As opposed to conventional composites, biocomposites utilize natural materials, which reduces their environmental impact. These materials are renewable, inexpensive, and in certain cases completely recyclable or biodegradable. Natural fibers have a hollow structure, which translates to better thermal and sound insulation. Another advantage of natural fibers is their low density, which results in a higher specific tensile strength and stiffness than glass fibers. As such, biocomposites could be a viable ecological alternative to carbon fiber, fiberglass, and other such synthetic fiber composites in applications such as packaging, construction, automobiles, aerospace, military applications, electronics, consumer products and medical industry (prosthetic, bone plate, orthodontic archwire, total hip replacement, and composite screws and pins). However, biocomposites have limitations due to a lack of compatibility between synthetic resin and natural fibers.

==Classification==

Biocomposites are divided into wood and non-wood fiber composites, all of which contain cellulose and lignin. Wood fibers are classified as such if they contain a significant amount (almost 60%) of wood, and are further divided into softwood fibers (long and flexible) and hardwood fibers (shorter and stiffer), as well as recycled or non-recycled.

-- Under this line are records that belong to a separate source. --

(* Let $P$ be a finite poset and $f\colon\mathcal{J}(P)\to\mathbb{R}$ a real-valued statistic such that $f\equiv^q c(q)$ for some $c(q)\in\mathbb{R}(q)$. Then for any positive integers $r,s$ and any cyclic permutation $\theta$ of $\mathbf{F}_0\cup\mathbf{F}_1$, the statistic $f\colon\mathcal{J}_{r,s}(P)\to\mathbb{R}$ is $c(r/s)$-mesic under the $q$-rowmotion operator $\rho\colon\mathcal{J}_{r,s}(P)\to\mathcal{J}_{r,s}(P)$.
   Context: $\mathcal{J}(P)$ is the set of order ideals of $P$. For $p\in P$, $I\in\mathcal{J}(P)$: $T_p^+(I)=1$ if $p$ is minimal in $P\setminus I$, else $0$; $T_p^-(I)=1$ if $p$ is maximal in $I$, else $0$; $T_p^q=T_p^+-qT_p^-$ with $q$ an indeterminate. For $f,g\colon\mathcal{J}(P)\to\mathbb{R}(q)$, $f\equiv^q g$ means $f-g=\sum_{p\in P}c_p(q)T_p^q$ for some $c_p(q)\in\mathbb{R}(q)$; an element of $\mathbb{R}(q)$ denotes the corresponding constant function. $\mathbf{F}_0,\mathbf{F}_1$ are disjoint sets of sizes $s$ and $r$; $\theta$ is a single $(r+s)$-cycle on $\mathbf{F}_0\cup\mathbf{F}_1$. $\mathcal{J}_{r,s}(P)$ is the set of labelings $L\colon P\to\mathbf{F}_0\cup\mathbf{F}_1$ with $L^{-1}(\mathbf{F}_0)$ an order ideal. $x$ is active in $L$ if it is maximal in $L^{-1}(\mathbf{F}_0)$ or minimal in $L^{-1}(\mathbf{F}_1)$; the toggle $\tau_p$ replaces $L(p)$ by $\theta(L(p))$ if $p$ is active and otherwise does nothing; $\rho=\tau_{p_1}\circ\cdots\circ\tau_{p_n}$ for a linear extension $p_1,\dots,p_n$ of $P$. A statistic $g$ on $\mathcal{J}(P)$ is viewed on $\mathcal{J}_{r,s}(P)$ via $g(L)=g(L^{-1}(\mathbf{F}_0))$. A statistic is $c$-mesic if its average over every orbit equals $c$. *)

From HB Require Import structures.
From mathcomp Require Import all_boot all_order all_algebra all_fingroup.
From mathcomp Require Import fraction.
From mathcomp Require Import reals.
Set Implicit Arguments. Unset Strict Implicit. Unset Printing Implicit Defensive.
Import Order.TTheory GRing.Theory Num.Theory.
Local Open Scope ring_scope.

Notation "x %:F" := (@FracField.tofrac _ x) : ring_scope.

Section Defs.
Variables (d : Order.disp_t) (P : finPOrderType d).

Definition order_ideal (I : {set P}) : bool :=
  [forall x, forall y, ((x \in I) && (y <= x)%O) ==> (y \in I)].

Definition Tplus (p : P) (I : {set P}) : bool :=
  (p \in ~: I) && [forall y, (y \in ~: I) ==> ~~ (y < p)%O].
Definition Tminus (p : P) (I : {set P}) : bool :=
  (p \in I) && [forall y, (y \in I) ==> ~~ (p < y)%O].

Variable R : realType.
Notation RQ := {fraction {poly R}}.

Definition Tq (p : P) (I : {set P}) : RQ :=
  (Tplus p I : nat)%:R - (('X : {poly R})%:F) * (Tminus p I : nat)%:R.

Definition qequiv (g : {set P} -> RQ) (c : RQ) : Prop :=
  exists cp : P -> RQ,
    forall I, order_ideal I -> g I - c = \sum_(p : P) cp p * Tq p I.

Definition linear_extension (ext : seq P) : Prop :=
  [/\ uniq ext, forall x, x \in ext &
      forall x y, (x < y)%O -> (index x ext < index y ext)%N].
End Defs.

Definition frac_eval (R : realType) (c : {fraction {poly R}}) (x v : R) : Prop :=
  exists n den : {poly R},
    [/\ den.[x] != 0, c = n%:F / den%:F & v = n.[x] / den.[x]].

(* labels: F_0 = 'I_s (left summand), F_1 = 'I_r (right summand) *)
Definition Lab (s r : nat) : finType := ('I_s + 'I_r)%type.
Definition inF0 (s r : nat) (l : Lab s r) : bool :=
  if l is inl _ then true else false.

Definition full_cycle (T : finType) (theta : {perm T}) : Prop :=
  forall x, porbit theta x = [set: T].

Section Labelings.
Variables (d : Order.disp_t) (P : finPOrderType d) (s r : nat).
Variable theta : {perm Lab s r}.
Notation labeling := {ffun P -> Lab s r}.

Definition zeroset (L : labeling) : {set P} := [set p | inF0 (L p)].

Definition rs_labeling (L : labeling) : bool := order_ideal (zeroset L).

Definition active (L : labeling) (x : P) : bool :=
  ((x \in zeroset L) && [forall y, (y \in zeroset L) ==> ~~ (x < y)%O])
  || ((x \notin zeroset L) && [forall y, (y \notin zeroset L) ==> ~~ (y < x)%O]).

Definition toggle (p : P) (L : labeling) : labeling :=
  if active L p then [ffun x => if x == p then theta (L p) else L x] else L.

Definition qrowmotion (ext : seq P) : labeling -> labeling :=
  foldr (fun p g => toggle p \o g) id ext.
End Labelings.

Definition mesic (R : realType) (T : finType) (D : pred T) (rho : T -> T)
    (g : T -> R) (c : R) : Prop :=
  forall x, D x ->
    (\sum_(y <- fingraph.orbit rho x) g y) / (size (fingraph.orbit rho x))%:R = c.

(* In a rowmotion the elements above p are toggled before p and those below it after, so
   T_p^+ holds exactly at the steps where p is toggled away from a label in F_1, and T_p^- right
   after the steps where p is toggled to a label in F_0.  Along an orbit the label of p makes
   whole turns of the (r+s)-cycle theta, leaving every label equally often, hence
   s * #T_p^+ = r * #T_p^- over each orbit.  Summing f - c = sum_p c_p(q) T_p^q over an orbit
   of size n gives sum f - n c(q) = sum_p c_p(q) (#T_p^+ - q #T_p^-), which vanishes at q = r/s.
   Evaluating at r/s is legitimate because c and every c_p are regular at each q > 0: with
   weights q^|P \ I|, the bijection I |-> I u {p} makes sum_I q^|P \ I| T_p^q(I) vanish, both
   over J(P) and over the ideals avoiding any other element, and this writes c and each c_p as
   quotients by polynomials that are positive for q > 0. *)

From HB Require Import structures.
From mathcomp Require Import all_boot all_order all_algebra all_fingroup.
From mathcomp Require Import fraction reals.
Set Implicit Arguments. Unset Strict Implicit. Unset Printing Implicit Defensive.
Import Order.TTheory GRing.Theory Num.Theory.
Local Open Scope ring_scope.

Lemma sum_shift_periodic n (g : nat -> nat) :
  g n = g 0 -> (\sum_(i < n) g i.+1 = \sum_(i < n) g i)%N.
Proof.
case: n => [|n] gn; first by rewrite !big_ord0.
by rewrite big_ord_recr big_ord_recl /= gn addnC.
Qed.

Lemma count_traject (T : Type) (f : T -> T) (a : pred T) x n :
  count a (traject f x n) = (\sum_(i < n) a (iter i f x))%N.
Proof.
elim: n x => [|n IH] x; first by rewrite big_ord0.
rewrite big_ord_recl /= IH; congr (_ + _)%N.
by apply: eq_bigr => i _; rewrite add0n -iterS iterSr.
Qed.

(** * Evaluating rational functions at a point *)

Section FracEval.
Variables (R : realType) (x : R).
Notation RQ := {fraction {poly R}}.

Lemma frac_eval_poly (p : {poly R}) : frac_eval p%:F x p.[x].
Proof. by exists p, 1; rewrite hornerC rmorph1 !divr1 oner_neq0. Qed.

Lemma tofrac_neq0_of_horner (den : {poly R}) : den.[x] != 0 -> den%:F != 0 :> RQ.
Proof. by apply: contra_neq => /eqP; rewrite tofrac_eq0 => /eqP ->; rewrite horner0. Qed.

Lemma frac_evalD (g h : RQ) (u v : R) :
  frac_eval g x u -> frac_eval h x v -> frac_eval (g + h) x (u + v).
Proof.
move=> [n1 [d1 [d1x -> ->]]] [n2 [d2 [d2x -> ->]]].
exists (n1 * d2 + n2 * d1), (d1 * d2); split.
- by rewrite hornerM mulf_neq0.
- by rewrite addf_div ?tofrac_neq0_of_horner // !rmorphD !rmorphM.
- by rewrite addf_div // hornerD !hornerM.
Qed.

Lemma frac_evalN (g : RQ) (u : R) : frac_eval g x u -> frac_eval (- g) x (- u).
Proof.
move=> [n [den [dx -> ->]]]; exists (- n), den; split => //.
- by rewrite rmorphN mulNr.
- by rewrite hornerN mulNr.
Qed.

Lemma frac_evalM (g h : RQ) (u v : R) :
  frac_eval g x u -> frac_eval h x v -> frac_eval (g * h) x (u * v).
Proof.
move=> [n1 [d1 [d1x -> ->]]] [n2 [d2 [d2x -> ->]]].
exists (n1 * n2), (d1 * d2); split.
- by rewrite hornerM mulf_neq0.
- by rewrite mulf_div !rmorphM.
- by rewrite mulf_div !hornerM.
Qed.

Lemma frac_eval_sum (I : Type) (r : seq I) (S : pred I) (F : I -> RQ) (v : I -> R) :
  (forall i, S i -> frac_eval (F i) x (v i)) ->
  frac_eval (\sum_(i <- r | S i) F i) x (\sum_(i <- r | S i) v i).
Proof.
apply: (big_ind2 (fun g u => frac_eval g x u)) => [|g1 u1 g2 u2]; last exact: frac_evalD.
by rewrite -(horner0 x) -tofrac0; exact: frac_eval_poly.
Qed.

Lemma frac_eval_divr (g : RQ) (den : {poly R}) (v : R) : den.[x] != 0 ->
  frac_eval (g * den%:F) x v -> frac_eval g x (v / den.[x]).
Proof.
move=> dx [n [d1 [d1x gE ->]]]; exists n, (d1 * den); split.
- by rewrite hornerM mulf_neq0.
- by rewrite rmorphM invfM mulrA -gE mulfK ?tofrac_neq0_of_horner.
- by rewrite hornerM invfM mulrA.
Qed.

Lemma frac_eval_unique (g : RQ) (u v : R) :
  frac_eval g x u -> frac_eval g x v -> u = v.
Proof.
move=> [n1 [d1 [d1x -> ->]]] [n2 [d2 [d2x /eqP + ->]]].
rewrite eqr_div ?tofrac_neq0_of_horner // -!rmorphM tofrac_eq => /eqP nE.
by apply/eqP; rewrite eqr_div // -!hornerM nE.
Qed.

End FracEval.

(** * Label changes along a cycle of theta *)

Section CyclicLabels.
Variables (s r : nat) (theta : {perm Lab s r}).
Hypothesis theta_cycle : full_cycle theta.
Variables (n : nat) (l : nat -> Lab s r) (e : nat -> bool).
Hypothesis l_step : forall i, l i.+1 = if e i then theta (l i) else l i.
Hypothesis l_period : l n = l 0.

Let advances (z : Lab s r) := (\sum_(i < n) (e i && (l i == z)))%N.

Lemma advances_perm z : advances (theta z) = advances z.
Proof.
have arrivals w : (\sum_(i < n) (e i && (theta (l i) == w)))%N = advances w.
  have := @sum_shift_periodic n (fun i => nat_of_bool (l i == w)).
  rewrite /= l_period => /(_ erefl).
  rewrite (eq_bigr (fun i : 'I_n => (e i && (theta (l i) == w)) + (~~ e i && (l i == w))))%N;
    last by move=> i _; rewrite l_step; case: (e i); rewrite /= ?addn0.
  rewrite [in RHS](eq_bigr (fun i : 'I_n => (e i && (l i == w)) + (~~ e i && (l i == w))))%N;
    last by move=> i _; case: (e i); rewrite /= ?addn0.
  by rewrite !big_split /= => /addIn.
by rewrite -arrivals; apply: eq_bigr => i _; rewrite (inj_eq perm_inj).
Qed.

Lemma advances_const z z' : advances z' = advances z.
Proof.
have : z' \in porbit theta z by rewrite theta_cycle inE.
rewrite porbit_traject => /trajectP [k _ ->].
by elim: k => [//|k IH]; rewrite iterS advances_perm.
Qed.

Lemma sum_by_label (h : Lab s r -> nat) :
  (\sum_(i < n) e i * h (l i) = \sum_(z : Lab s r) h z * advances z)%N.
Proof.
under [RHS]eq_bigr do rewrite big_distrr /=.
rewrite exchange_big /=; apply: eq_bigr => i _.
rewrite (bigD1 (l i)) //= eqxx andbT mulnC big1 ?addn0 // => z /negbTE.
by rewrite eq_sym => ->; rewrite andbF muln0.
Qed.

Lemma departures_arrivals_balance :
  (s * \sum_(i < n) (e i && ~~ inF0 (l i)) = r * \sum_(i < n) (e i && inF0 (l i.+1)))%N.
Proof.
have count_by_label (h : Lab s r -> bool) :
    (\sum_(i < n) (e i && h (l i)) = (\sum_(z : Lab s r) h z) * advances (l 0))%N.
  rewrite (eq_bigr (fun i : 'I_n => e i * h (l i))%N) => [|i _]; last by rewrite mulnb.
  rewrite (sum_by_label (fun z => nat_of_bool (h z))) big_distrl.
  by apply: eq_bigr => z _; rewrite (advances_const (l 0)).
have -> : (\sum_(i < n) (e i && inF0 (l i.+1)) = \sum_(i < n) (e i && inF0 (theta (l i))))%N.
  by apply: eq_bigr => i _; rewrite l_step; case: (e i).
rewrite (count_by_label (fun z => ~~ inF0 z)) (count_by_label (fun z => inF0 (theta z))).
rewrite [X in (_ = r * (X * _))%N](reindex_perm theta^-1) /=.
under [X in (_ = r * (X * _))%N]eq_bigr do rewrite permKV.
by rewrite !big_sumType /= !sum_nat_const !card_ord !muln0 !muln1 addn0 mulnCA.
Qed.
End CyclicLabels.

(** * Order ideals, toggles and q-rowmotion *)

Section OrderIdeals.
Variables (d : Order.disp_t) (P : finPOrderType d).

Lemma order_idealP (I : {set P}) :
  reflect (forall x y, x \in I -> (y <= x)%O -> y \in I) (order_ideal I).
Proof.
apply: (iffP forallP) => [idI x y xI yx | idI x].
  by move: (idI x) => /forallP /(_ y); rewrite xI yx.
by apply/forallP => y; apply/implyP => /andP [xI yx]; exact: idI xI yx.
Qed.

Lemma order_ideal_setT : order_ideal [set: P].
Proof. by apply/order_idealP => y z; rewrite !inE. Qed.

Lemma order_ideal_setU1 (p : P) (I : {set P}) : p \notin I ->
  order_ideal (p |: I) && Tminus p (p |: I) = order_ideal I && Tplus p I.
Proof.
move=> pI; apply/idP/idP.
  case/andP=> /order_idealP idU /andP [_ /forallP pmax].
  rewrite /Tplus inE pI; apply/and3P; split => //.
    apply/order_idealP => y z yI zy.
    have [zp|//] := setU1P (idU y z (setU1r p yI) zy).
    case/negP: (implyP (pmax y) (setU1r p yI)); rewrite lt_def -zp zy andbT.
    by apply: contraNneq pI => yz; rewrite -zp -yz.
  apply/forallP => y; rewrite inE; apply/implyP/contra => yp.
  have /setU1P [yp'|//] := idU p y (setU11 p I) (ltW yp).
  by move: yp; rewrite yp' ltxx.
case/andP=> /order_idealP idI /andP [_ /forallP pmin].
apply/andP; split.
  apply/order_idealP => y z /setU1P [->|yI] zy; last exact/setU1r/(idI y z yI zy).
  have [->|zp] := eqVneq z p; first exact: setU11.
  by apply/setU1r; move: (pmin z); rewrite inE lt_neqAle zp zy implybF negbK.
rewrite /Tminus setU11; apply/forallP => y; apply/implyP => /setU1P [->|yI].
  by rewrite ltxx.
by apply: contraNN pI => py; exact: idI y p yI (ltW py).
Qed.

End OrderIdeals.

Section Toggles.
Variables (d : Order.disp_t) (P : finPOrderType d) (s r : nat).
Variable theta : {perm Lab s r}.
Notation labeling := {ffun P -> Lab s r}.
Notation toggle := (@toggle d P s r theta).
Notation rho := (@qrowmotion d P s r theta).
Notation rs := (@rs_labeling d P s r).

Lemma in_zeroset (L : labeling) x : (x \in zeroset L) = inF0 (L x).
Proof. by rewrite inE. Qed.

Lemma activeE (L : labeling) x : active L x =
  if x \in zeroset L then [forall y, (y \in zeroset L) ==> ~~ (x < y)%O]
  else [forall y, (y \notin zeroset L) ==> ~~ (y < x)%O].
Proof. by rewrite /active; case: (x \in zeroset L); rewrite ?orbF. Qed.

Lemma toggle_neq p (L : labeling) y : y != p -> toggle p L y = L y.
Proof. by move=> /negbTE yp; rewrite /toggle; case: ifP => // _; rewrite ffunE yp. Qed.

Lemma toggle_eq p (L : labeling) :
  toggle p L p = if active L p then theta (L p) else L p.
Proof. by rewrite /toggle; case: ifP => // _; rewrite ffunE eqxx. Qed.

Non-wood fibers are divided into straw, bast, leaf, seed or fruit, and grass fibers. The fibers most widely used in the industry are flax, jute, hemp, kenaf, sisal, and coir. Straw can be found in many parts of the world, and it is an example of a low-cost reinforcement for biocomposites. Matrices include polyethylene, polypropylene, and polyvinyl chloride.

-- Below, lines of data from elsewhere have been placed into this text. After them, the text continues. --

(* For any term $t$, any basis term $b$, any type $T$, any unit types $\vec U=U_1,\dots,U_n$ and any context $\Gamma$ of the Scalar type system: (1) if $\Gamma\vdash t:T$ then $\Gamma[\vec U/\vec X]\vdash t:T[\vec U/\vec X]$; (2) if $\Gamma,x:U\vdash t:T$ and $\Gamma\vdash b:U$ then $\Gamma\vdash t[b/x]:T$.
   Context: Fix a commutative ring $(\mathcal{S},+,\times)$. Terms: $t,r ::= b \mid (t)\,r \mid \mathbf{0} \mid \alpha.t \mid t+r$, basis terms $b ::= x \mid \lambda x\,t$, modulo associativity and commutativity of $+$; $t[b/x]$ is capture-avoiding substitution with $(\alpha.t+\beta.u)[b/x]=\alpha.(t[b/x])+\beta.(u[b/x])$. Types: $T ::= U \mid \forall X.T \mid \alpha.T \mid \overline{0}$; unit types: $U ::= X \mid U\to T \mid \forall X.U$. Type variables are only substituted by unit types; $U[\vec V/\vec X]$ means $U[V_1/X_1]\cdots[V_n/X_n]$, $(\alpha.T)[U/X]=\alpha.T[U/X]$, and $\Gamma[\vec U/\vec X]$ applies the substitution to every type of $\Gamma$. Type equivalence $\equiv$ is the least congruence with $\alpha.\overline0\equiv\overline0$, $0.T\equiv\overline0$, $1.T\equiv T$, $\alpha.(\beta.T)\equiv(\alpha\times\beta).T$, $\forall X.\alpha.T\equiv\alpha.\forall X.T$. A context is a set of distinct term variables with unit types. Typing rules: (ax) $\Gamma,x:U\vdash x:U$; ($\equiv$) from $\Gamma\vdash t:T$ and $T\equiv S$ infer $\Gamma\vdash t:S$; ($\to_E$) from $\Gamma\vdash t:\alpha.(U\to T)$ and $\Gamma\vdash r:\beta.U$ infer $\Gamma\vdash (t)\,r:(\alpha\times\beta).T$; ($\to_I$) from $\Gamma,x:U\vdash t:T$ infer $\Gamma\vdash\lambda x\,t:U\to T$; ($\forall_E$) from $\Gamma\vdash t:\forall X.T$ infer $\Gamma\vdash t:T[U/X]$, $U$ unit; ($\forall_I$) from $\Gamma\vdash t:T$ with $X$ not free in $\Gamma$ infer $\Gamma\vdash t:\forall X.T$; ($ax_{\overline0}$) $\Gamma\vdash\mathbf 0:\overline0$; ($+_I$) from $\Gamma\vdash t:\alpha.T$ and $\Gamma\vdash r:\beta.T$ infer $\Gamma\vdash t+r:(\alpha+\beta).T$; ($s_I$) from $\Gamma\vdash t:T$ infer $\Gamma\vdash\alpha.t:\alpha.T$. *)

(* Scalar type system: terms, types, type equivalence,
   typing rules, and substitutions.  Binders (term lambda, type forall)
   are represented with de Bruijn indices. *)
From mathcomp Require Import all_boot all_algebra.
Set Implicit Arguments.
Unset Strict Implicit.
Unset Printing Implicit Defensive.

Section Scalar.
Variable S : comPzRingType.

Non-wood natural fibers are more attractive for the industry due to their physical and mechanical properties; these include their relative length, high cellulose content (which increases tensile strength), and higher cellulose crystallinity. The comparative disadvantages of wood fibers include the presence of hydroxy groups that can attract water molecules, causing the fibers to swell. This in turn results in voids between the fibers and matrix, which has negative effects on the composite's mechanical properties and dimensional stability.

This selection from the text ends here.